Perhaps you've never heard of OpenStax College.

I had not heard of it until I ran across an article today at a library website.

OpenStax College is a book publisher based at Rice University, and among other things, I guess, it publishes college textbooks.

It's making news because OpenStax has announced that it will double the number of online textbooks it publishes by 2015, thanks to a grant from the Laura and John Arnold Foundation.

The books are offered for FREE.

The grant will let OpenStax develop and post books in six subjects -- precalculus, chemistry, economics, U.S. history, psychology and statistics.

Ultimately, according to the article I read at Infodocket.com, OpenStax plans to offer books for 25 of the nation's most-attended college courses. The university estimates students would save $750 million over five years.

Wow.

What a great thing for a university to be doing. Instead of holding students and their parents under until they blubber (or quit), here's a university trying to help their constituents out by reducing their costs substantially.

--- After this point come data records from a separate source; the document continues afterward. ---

Lemma starD x y : star (x + y) = star x + star y. Proof. by case: Hstar. Qed.
Lemma starM x y : star (x * y) = star y * star x. Proof. by case: Hstar. Qed.
Lemma starK x : star (star x) = x. Proof. by case: Hstar. Qed.

Lemma star0 : star 0 = 0.
Proof. by apply: (@addrI _ (star 0)); rewrite -starD !addr0. Qed.

Lemma starN x : star (- x) = - star x.
Proof. by apply: (@addrI _ (star x)); rewrite -starD !subrr star0. Qed.

Lemma starB x y : star (x - y) = star x - star y.
Proof. by rewrite starD starN. Qed.

Lemma star1 : star 1 = 1.
Proof. by rewrite -[star 1]mulr1 -{2}(starK 1) -starM mulr1 starK. Qed.

Lemma projectionC p : projection star p -> projection star (1 - p).
Proof. by case=> pp sp; split; rewrite ?idemC // starB star1 sp. Qed.

Lemma proj_corner_eq0 q x : projection star q ->
  star (q + q * x * (1 - q)) = q + q * x * (1 - q) -> q * x * (1 - q) = 0.
Proof.
case=> qq sq; rewrite starD sq => /addrI sN.
rewrite -(idem_corner_mull x qq) -sN !starM starB star1 sq mulrA idem_mulC //.
by rewrite mul0r.
Qed.

Lemma proj_central q : projection star q -> (forall x, q * x * (1 - q) = 0) -> central q.
Proof.
move=> [qq sq] corner0 x.
have corner0' : (1 - q) * x * q = 0.
  by have := congr1 star (corner0 (star x)); rewrite !starM starB star1 sq starK star0 mulrA.
have qx : q * x = q * x * q.
  by apply/eqP; rewrite -subr_eq0 -{1}(mulr1 (q * x)) -mulrBr corner0.
have xq : x * q = q * x * q.
  by apply/eqP; rewrite -subr_eq0 -{1}(mul1r x) -mulrA -(mulrA q x q) -mulrBl mulrA corner0'.
by rewrite /GRing.comm qx xq.
Qed.

End StarRing.

Section Conditions.
Variables (R : pzRingType) (star : R -> R).

Definition idempotents_projections : Prop :=
  forall e : R, idempotent_elt e -> projection star e.

Definition power_ideals_projections : Prop :=
  forall a : R, exists n : nat, exists p : R,
    [/\ (1 <= n)%N, projection star p & same_right_ideal (a ^+ n) p].

Definition strongly_star_regular_powers : Prop :=
  forall a : R, exists n : nat, (1 <= n)%N /\ strongly_star_regular star (a ^+ n).

Definition proj_unit_decompositions : Prop :=
  forall a : R, exists p u : R,
    [/\ projection star p, is_unit u, a = p + u & nilpotent_elt (a * p)].

Definition projections_conj_stable : Prop :=
  forall v vinv q : R, v * vinv = 1 -> vinv * v = 1 ->
    projection star q -> projection star (vinv * q * v).

End Conditions.

Section Implications.
Variables (R : pzRingType) (star : R -> R).
Hypothesis Hstar : is_star_ring star.

Lemma spsr_powers : strongly_pi_star_regular star -> strongly_star_regular_powers star.
Proof.
move=> spsr a; have [e [u [m [m1 pe ue am [_ _ eu]]]]] := spsr a.
by exists m; split=> //; exists e, u; split; rewrite // am eu.
Qed.

Lemma powers_regular_idempotents : strongly_star_regular_powers star ->
  pi_regular R /\ idempotents_projections star.
Proof.
move=> pw; split=> [a | f ff].
  have [n [n1 [p [u [pp [v [uv _]] ap _]]]]] := pw a.
  by exists n; split=> //; exists v; rewrite ap; apply: idem_unit_regular pp.1 uv.
have [n [n1 [p [u [pp [v [uv _]] fp fu]]]]] := pw f.
case: n n1 fp fu => // n _; rewrite idemXS // => fp fu.
have pu : GRing.comm p u by rewrite /GRing.comm -fp -fu.
have pupu : p * u * (p * u) = p * u by rewrite -fp.
by rewrite fp (idem_unit_idem pp.1 uv pu pupu).
Qed.

Lemma abelian_idempotents_projections : idempotents_projections star -> abelian_ring R.
Proof.
move=> ip e ee; apply: (proj_central Hstar (ip e ee)) => x.
apply: (proj_corner_eq0 Hstar (ip e ee)); apply: (ip _ _).2.
exact: idem_add_corner.
Qed.

Lemma regular_spsr : pi_regular R -> idempotents_projections star ->
  strongly_pi_star_regular star.
Proof.
move=> reg ip a; have ab := abelian_idempotents_projections ip.
have [n [n1 [b cbc]]] := reg a.
have ce := regular_idem_central ab cbc.
exists (a ^+ n * b), (a ^+ n + (1 - a ^+ n * b)), n; split=> //.
- exact/ip/regular_idem.
- exact: is_unit_regular_corner.
- by rewrite regular_idem_mul_corner.
split; [exact/esym/ce | | exact: ce].
apply: commrD; first exact/commrX/commr_refl.
by apply: commrB; [exact: commr1 | apply/commr_sym/ce].
Qed.
(* (1) For every $\phi\in\mathcal{L}_{\Box\!\!\rightarrow}$, if $\phi\in\mathsf{N4CK}$, then $\phi\in\mathsf{CK}$. (2) The classical system $\mathbb{CK}$ (axiomatizing $\mathsf{CK}$) and the system $\mathbb{N}4\mathbb{CK}$ extended with the axiom schemes $\phi\to(\sim\phi\to\psi)$ and $\phi\vee\sim\phi$ generate the same logic over $\mathcal{L}_{\Box\!\!\rightarrow}$ when both are closed under the operation $^\iota$.
   Context: $\mathcal{L}_{\Box\!\!\rightarrow}$ is built from propositional variables with $\wedge,\vee,\to$, negation $\sim$, and a binary would-conditional $\Box\!\!\rightarrow$; $\phi\Diamond\!\!\rightarrow\psi$ abbreviates $\sim(\phi\Box\!\!\rightarrow\sim\psi)$. Abbreviations: $\leftrightarrow$ is mutual $\to$; $\phi\Rightarrow\psi:=(\phi\to\psi)\wedge(\sim\psi\to\sim\phi)$; $\phi\Leftrightarrow\psi:=(\phi\Rightarrow\psi)\wedge(\psi\Rightarrow\phi)$. Consider the axioms (A1) $((\phi\Box\!\!\rightarrow\psi)\wedge(\phi\Box\!\!\rightarrow\chi))\Leftrightarrow(\phi\Box\!\!\rightarrow(\psi\wedge\chi))$; (A2) $(\sim(\phi\Box\!\!\rightarrow\psi)\wedge(\phi\Box\!\!\rightarrow\chi))\to\sim(\phi\Box\!\!\rightarrow(\psi\vee\sim\chi))$; (A3) $((\phi\Diamond\!\!\rightarrow\psi)\to(\phi\Box\!\!\rightarrow\chi))\to(\phi\Box\!\!\rightarrow(\psi\to\chi))$; (A4) $\phi\Box\!\!\rightarrow(\psi\to\psi)$; and rules (RA) from $\phi\Leftrightarrow\psi$ infer $(\phi\Box\!\!\rightarrow\chi)\Leftrightarrow(\psi\Box\!\!\rightarrow\chi)$; (RC1) from $\phi\leftrightarrow\psi$ infer $(\chi\Box\!\!\rightarrow\phi)\leftrightarrow(\chi\Box\!\!\rightarrow\psi)$; (RC2) from $\sim\phi\leftrightarrow\sim\psi$ infer $\sim(\chi\Box\!\!\rightarrow\phi)\leftrightarrow\sim(\chi\Box\!\!\rightarrow\psi)$. $\mathbb{N}4\mathbb{CK}$ = modus ponens + positive intuitionistic schemes + $\sim\sim\phi\leftrightarrow\phi$, $\sim(\phi\wedge\psi)\leftrightarrow(\sim\phi\vee\sim\psi)$, $\sim(\phi\vee\psi)\leftrightarrow(\sim\phi\wedge\sim\psi)$, $\sim(\phi\to\psi)\leftrightarrow(\phi\wedge\sim\psi)$ + (A1)–(A4) + (RA),(RC1),(RC2); it is sound and complete for $\mathsf{N4CK}$, the paraconsistent Nelsonian conditional logic. $\mathsf{CK}$ is Chellas' basic classical conditional logic, axiomatized by $\mathbb{CK}$ := classical propositional logic (with $\sim$ as classical negation) + (A1), (A4), (RA), (RC1). For a system $\mathbb{S}$, $\Gamma\vdash_\mathbb{S}\Delta$ means some nonempty finite disjunction of members of $\Delta$ is derivable from $\Gamma$ and theorems by modus ponens, and $\mathbb{S}^\iota[\mathcal{L}_{\Box\!\!\rightarrow}]$ is the resulting relation extended by all pairs $(\Gamma,\emptyset)$ such that $\Gamma\vdash_\mathbb{S}p_1\wedge\sim p_1$. *)

From Stdlib Require Import List.
Import ListNotations.

Inductive form : Type :=
| Var : nat -> form
| And : form -> form -> form
| Or : form -> form -> form
| Imp : form -> form -> form
| Neg : form -> form
| Cond : form -> form -> form.

Definition Iff (a b : form) : form := And (Imp a b) (Imp b a).
Definition SImp (a b : form) : form := And (Imp a b) (Imp (Neg b) (Neg a)).
Definition SIff (a b : form) : form := And (SImp a b) (SImp b a).
Definition MCond (a b : form) : form := Neg (Cond a (Neg b)).

Inductive PosInt : form -> Prop :=
| PI1 a b : PosInt (Imp a (Imp b a))
| PI2 a b c : PosInt (Imp (Imp a (Imp b c)) (Imp (Imp a b) (Imp a c)))
| PI3 a b : PosInt (Imp (And a b) a)
| PI4 a b : PosInt (Imp (And a b) b)
| PI5 a b : PosInt (Imp a (Imp b (And a b)))
| PI6 a b : PosInt (Imp a (Or a b))
| PI7 a b : PosInt (Imp b (Or a b))
| PI8 a b c : PosInt (Imp (Imp a c) (Imp (Imp b c) (Imp (Or a b) c))).

Inductive NegAx : form -> Prop :=
| NA1 a : NegAx (Iff (Neg (Neg a)) a)
| NA2 a b : NegAx (Iff (Neg (And a b)) (Or (Neg a) (Neg b)))
| NA3 a b : NegAx (Iff (Neg (Or a b)) (And (Neg a) (Neg b)))
| NA4 a b : NegAx (Iff (Neg (Imp a b)) (And a (Neg b))).

(** Classical propositional logic: all instances of classical tautologies,
    treating variables and conditionals as atoms and ~ as classical negation. *)
Fixpoint ceval (v : form -> bool) (f : form) : bool :=
  match f with
  | Var _ => v f
  | Cond _ _ => v f
  | And a b => andb (ceval v a) (ceval v b)
  | Or a b => orb (ceval v a) (ceval v b)
  | Imp a b => implb (ceval v a) (ceval v b)
  | Neg a => negb (ceval v a)
  end.
Definition Taut (f : form) : Prop := forall v, ceval v f = true.

Definition A1 a b c : form :=
  SIff (And (Cond a b) (Cond a c)) (Cond a (And b c)).
Definition A2 a b c : form :=
  Imp (And (Neg (Cond a b)) (Cond a c)) (Neg (Cond a (Or b (Neg c)))).
Definition A3 a b c : form :=
  Imp (Imp (MCond a b) (Cond a c)) (Cond a (Imp b c)).
Definition A4 a b : form := Cond a (Imp b b).

Inductive ThmN4CK (ext : bool) : form -> Prop :=
| N_pos f : PosInt f -> ThmN4CK ext f
| N_neg f : NegAx f -> ThmN4CK ext f
| N_A1 a b c : ThmN4CK ext (A1 a b c)
| N_A2 a b c : ThmN4CK ext (A2 a b c)
| N_A3 a b c : ThmN4CK ext (A3 a b c)
| N_A4 a b : ThmN4CK ext (A4 a b)
| N_efq a b : ext = true -> ThmN4CK ext (Imp a (Imp (Neg a) b))
| N_lem a : ext = true -> ThmN4CK ext (Or a (Neg a))
| N_MP a b : ThmN4CK ext (Imp a b) -> ThmN4CK ext a -> ThmN4CK ext b
| N_RA a b c : ThmN4CK ext (SIff a b) ->
    ThmN4CK ext (SIff (Cond a c) (Cond b c))
| N_RC1 a b c : ThmN4CK ext (Iff a b) ->
    ThmN4CK ext (Iff (Cond c a) (Cond c b))
| N_RC2 a b c : ThmN4CK ext (Iff (Neg a) (Neg b)) ->
    ThmN4CK ext (Iff (Neg (Cond c a)) (Neg (Cond c b))).

Inductive ThmCK : form -> Prop :=
| C_taut f : Taut f -> ThmCK f
| C_A1 a b c : ThmCK (A1 a b c)
| C_A4 a b : ThmCK (A4 a b)
| C_MP a b : ThmCK (Imp a b) -> ThmCK a -> ThmCK b
| C_RA a b c : ThmCK (SIff a b) -> ThmCK (SIff (Cond a c) (Cond b c))
| C_RC1 a b c : ThmCK (Iff a b) -> ThmCK (Iff (Cond c a) (Cond c b)).

Definition N4CK_sys : form -> Prop := ThmN4CK false.
Definition N4CKext_sys : form -> Prop := ThmN4CK true.
Definition CK_sys : form -> Prop := ThmCK.

Inductive Deriv (Thm : form -> Prop) (G : form -> Prop) : form -> Prop :=
| D_hyp f : G f -> Deriv Thm G f
| D_thm f : Thm f -> Deriv Thm G f
| D_MP a b : Deriv Thm G (Imp a b) -> Deriv Thm G a -> Deriv Thm G b.

Fixpoint bigOr (d : form) (l : list form) : form :=
  match l with
  | [] => d
  | e :: l' => Or d (bigOr e l')
  end.

(** Gamma |-_S Delta : some nonempty finite disjunction of members of Delta
    is derivable from Gamma. *)
Definition Cons (Thm : form -> Prop) (G D : form -> Prop) : Prop :=
  exists (d : form) (l : list form),
    D d /\ (forall e, In e l -> D e) /\ Deriv Thm G (bigOr d l).

Definition p1 : form := Var 1.
Definition ConsIota (Thm : form -> Prop) (G D : form -> Prop) : Prop :=
  Cons Thm G D \/
  ((forall x, ~ D x) /\ Deriv Thm G (And p1 (Neg p1))).

Definition InLogic (Thm : form -> Prop) (f : form) : Prop :=
  Deriv Thm (fun _ => False) f.

From Stdlib Require Import List.
Import ListNotations.

(* Reading ~ classically, every axiom of N4CK (even with the two extra schemes)
   is a theorem of CK: the propositional axioms are tautologies, A2 and A3
   follow from A1 through the derived monotonicity rule, and RC2 collapses to
   RC1.  Conversely, once phi -> (~phi -> psi) and phi \/ ~phi are available,
   Kalmar's argument shows that every classical tautology is a theorem: the
   strong-negation axioms push ~ down to the atoms, so each formula or its
   strong negation follows from the literals of its atoms, and excluded middle
   discharges these literals one by one.  The two systems therefore have the
   same theorems, hence the same consequence relations. *)

Ltac prove_taut :=
  cbv [Taut Iff SIff MCond A1 A2 A3 A4];
  let v := fresh "v" in
  intro v; simpl;
  repeat match goal with
  | |- context [ceval v ?x] => destruct (ceval v x)
  | |- context [v ?x] => destruct (v x)
  end; reflexivity.

Lemma Deriv_mono (T1 T2 G1 G2 : form -> Prop) f :
  (forall x, T1 x -> T2 x) -> (forall x, G1 x -> G2 x) ->
  Deriv T1 G1 f -> Deriv T2 G2 f.
Proof.
  intros HT HG D; induction D.
  - apply D_hyp; auto.
  - apply D_thm; auto.
  - eapply D_MP; eauto.
Qed.

Lemma InLogic_thm (Thm : form -> Prop) f :
  (forall a b, Thm (Imp a b) -> Thm a -> Thm b) -> InLogic Thm f -> Thm f.
Proof.
  intros Hmp D; induction D as [f []| |]; eauto.
Qed.

Lemma ConsIota_mono (T1 T2 G D : form -> Prop) :
  (forall x, T1 x -> T2 x) -> ConsIota T1 G D -> ConsIota T2 G D.
Proof.
  intros HT [[d [l [Hd [Hl HG]]]] | [HD HG]].
  - left; exists d, l; split; [|split]; auto.
    eapply Deriv_mono; [exact HT | | exact HG]; auto.
  - right; split; auto.
    eapply Deriv_mono; [exact HT | | exact HG]; auto.
Qed.

Lemma ThmCK_taut_mp h g : ThmCK h -> Taut (Imp h g) -> ThmCK g.
Proof. intros H Ht; exact (C_MP _ _ (C_taut _ Ht) H). Qed.

Lemma ThmCK_taut_mp2 h1 h2 g :
  ThmCK h1 -> ThmCK h2 -> Taut (Imp h1 (Imp h2 g)) -> ThmCK g.
Proof. intros H1 H2 Ht; exact (C_MP _ _ (ThmCK_taut_mp _ _ H1 Ht) H2). Qed.

Lemma ThmCK_taut_mp3 h1 h2 h3 g :
  ThmCK h1 -> ThmCK h2 -> ThmCK h3 -> Taut (Imp h1 (Imp h2 (Imp h3 g))) -> ThmCK g.
Proof. intros H1 H2 H3 Ht; exact (C_MP _ _ (ThmCK_taut_mp2 _ _ _ H1 H2 Ht) H3). Qed.

Lemma ThmCK_Cond_mono a x y :
  ThmCK (Imp x y) -> ThmCK (Imp (Cond a x) (Cond a y)).
Proof.
  intro Hxy.
  assert (Hx : ThmCK (Iff x (And x y))) by (eapply ThmCK_taut_mp; [exact Hxy | prove_taut]).
  eapply ThmCK_taut_mp2; [exact (C_RC1 _ _ a Hx) | exact (C_A1 a x y) | prove_taut].
Qed.

Lemma ThmCK_A2 a b c : ThmCK (A2 a b c).
Proof.
  assert (Hcb : ThmCK (Iff (Cond a (And c (Or b (Neg c)))) (Cond a (And b c)))).
  { apply C_RC1, C_taut; prove_taut. }
  eapply ThmCK_taut_mp3;
    [exact (C_A1 a c (Or b (Neg c))) | exact Hcb | exact (C_A1 a b c) | prove_taut].
Qed.

Lemma ThmCK_A3 a b c : ThmCK (A3 a b c).
Proof.
  assert (Hnb : ThmCK (Imp (Cond a (Neg b)) (Cond a (Imp b c)))).
  { apply ThmCK_Cond_mono, C_taut; prove_taut. }
  assert (Hc : ThmCK (Imp (Cond a c) (Cond a (Imp b c)))).
  { apply ThmCK_Cond_mono, C_taut; prove_taut. }
  eapply ThmCK_taut_mp2; [exact Hnb | exact Hc | prove_taut].
Qed.

Lemma ThmN4CK_ThmCK ext f : ThmN4CK ext f -> ThmCK f.
Proof.
  intro H; induction H.
  - apply C_taut; destruct H; prove_taut.
  - apply C_taut; destruct H; prove_taut.
  - apply C_A1.
  - apply ThmCK_A2.
  - apply ThmCK_A3.
  - apply C_A4.
  - apply C_taut; prove_taut.
  - apply C_taut; prove_taut.
  - eapply C_MP; eauto.
  - apply C_RA; auto.
  - apply C_RC1; auto.
  - assert (Hab : ThmCK (Iff a b)) by (eapply ThmCK_taut_mp; [eassumption | prove_taut]).
    eapply ThmCK_taut_mp; [exact (C_RC1 _ _ c Hab) | prove_taut].
Qed.

Fixpoint atoms (f : form) : list form :=
  match f with
  | Var _ | Cond _ _ => [f]
  | And a b | Or a b | Imp a b => atoms a ++ atoms b
  | Neg a => atoms a
  end.

Definition signed (b : bool) (f : form) : form := if b then f else Neg f.

Definition literals (v : form -> bool) (K : list form) (x : form) : Prop :=
  exists q, In q K /\ x = signed (v q) q.

Section Kalmar.

Variable Thm : form -> Prop.
Hypothesis Thm_pos : forall f, PosInt f -> Thm f.
Hypothesis Thm_neg : forall f, NegAx f -> Thm f.
Hypothesis Thm_efq : forall a b, Thm (Imp a (Imp (Neg a) b)).
Hypothesis Thm_lem : forall a, Thm (Or a (Neg a)).

Lemma Deriv_PosInt G f : PosInt f -> Deriv Thm G f.
Proof. intro H; exact (D_thm _ _ _ (Thm_pos _ H)). Qed.

Lemma Deriv_NegAx_rev G x y : NegAx (Iff x y) -> Deriv Thm G (Imp y x).
Proof.
  intro H; eapply D_MP; [apply Deriv_PosInt, PI4 | apply D_thm, Thm_neg, H].
Qed.

Lemma Deriv_imp_refl G a : Deriv Thm G (Imp a a).
Proof.
  eapply D_MP; [eapply D_MP; [apply Deriv_PosInt, (PI2 a (Imp a a) a) | apply Deriv_PosInt, PI1] |].
  apply Deriv_PosInt, (PI1 a a).
Qed.

Lemma Deriv_deduction G a b :
  Deriv Thm (fun x => x = a \/ G x) b -> Deriv Thm G (Imp a b).
Proof.
  intro D; induction D as [x [->|Hx]| |].
  - apply Deriv_imp_refl.
  - eapply D_MP; [apply Deriv_PosInt, PI1 | apply D_hyp; exact Hx].
  - eapply D_MP; [apply Deriv_PosInt, PI1 | apply D_thm; assumption].
  - eapply D_MP; [eapply D_MP; [apply Deriv_PosInt, PI2 |] |]; eassumption.
Qed.

Lemma Deriv_signed_ceval v f K :
  incl (atoms f) K -> Deriv Thm (literals v K) (signed (ceval v f) f).
Proof.
  revert K; induction f as [n|f1 IH1 f2 IH2|f1 IH1 f2 IH2|f1 IH1 f2 IH2|f IH|f1 _ f2 _];
    intros K HK; simpl in HK.
  - apply D_hyp; exists (Var n); split; [apply HK; left |]; reflexivity.
  - apply incl_app_inv in HK as [H1 H2].
    assert (A := IH1 K H1); assert (B := IH2 K H2); simpl.
    destruct (ceval v f1), (ceval v f2); simpl in *.
    + eapply D_MP; [eapply D_MP; [apply Deriv_PosInt, PI5 |] |]; eassumption.
    + eapply D_MP; [apply Deriv_NegAx_rev, NA2 |].
      eapply D_MP; [apply Deriv_PosInt, PI7 | exact B].
    + eapply D_MP; [apply Deriv_NegAx_rev, NA2 |].
      eapply D_MP; [apply Deriv_PosInt, PI6 | exact A].
    + eapply D_MP; [apply Deriv_NegAx_rev, NA2 |].
      eapply D_MP; [apply Deriv_PosInt, PI6 | exact A].
  - apply incl_app_inv in HK as [H1 H2].
    assert (A := IH1 K H1); assert (B := IH2 K H2); simpl.
    destruct (ceval v f1), (ceval v f2); simpl in *.
    + eapply D_MP; [apply Deriv_PosInt, PI6 | exact A].
    + eapply D_MP; [apply Deriv_PosInt, PI6 | exact A].
    + eapply D_MP; [apply Deriv_PosInt, PI7 | exact B].
    + eapply D_MP; [apply Deriv_NegAx_rev, NA3 |].
      eapply D_MP; [eapply D_MP; [apply Deriv_PosInt, PI5 |] |]; eassumption.
  - apply incl_app_inv in HK as [H1 H2].
    assert (A := IH1 K H1); assert (B := IH2 K H2); simpl.
    destruct (ceval v f1), (ceval v f2); simpl in *.
    + eapply D_MP; [apply Deriv_PosInt, PI1 | exact B].
    + eapply D_MP; [apply Deriv_NegAx_rev, NA4 |].
      eapply D_MP; [eapply D_MP; [apply Deriv_PosInt, PI5 |] |]; eassumption.
    + eapply D_MP; [apply Deriv_PosInt, PI1 | exact B].
    + eapply D_MP; [eapply D_MP; [apply Deriv_PosInt, (PI2 f1 (Neg f1) f2) | apply D_thm, Thm_efq] |].
      eapply D_MP; [apply Deriv_PosInt, PI1 | exact A].
  - assert (A := IH K HK); simpl.
    destruct (ceval v f); simpl in *; [| exact A].
    eapply D_MP; [apply Deriv_NegAx_rev, NA1 | exact A].
  - apply D_hyp; exists (Cond f1 f2); split; [apply HK; left |]; reflexivity.
Qed.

As I have mentioned here previously, the text for a college course I taught at UT-Austin in the spring of 2012 cost north of $100. I didn't require students to buy it, and because of that I spent a lot more time and trouble developing materials.

Not complaining. But, a text would have been nice to get into their hands.

Some day soon it's to be hoped that colleges will let their students use these OpenStax books and save all that money.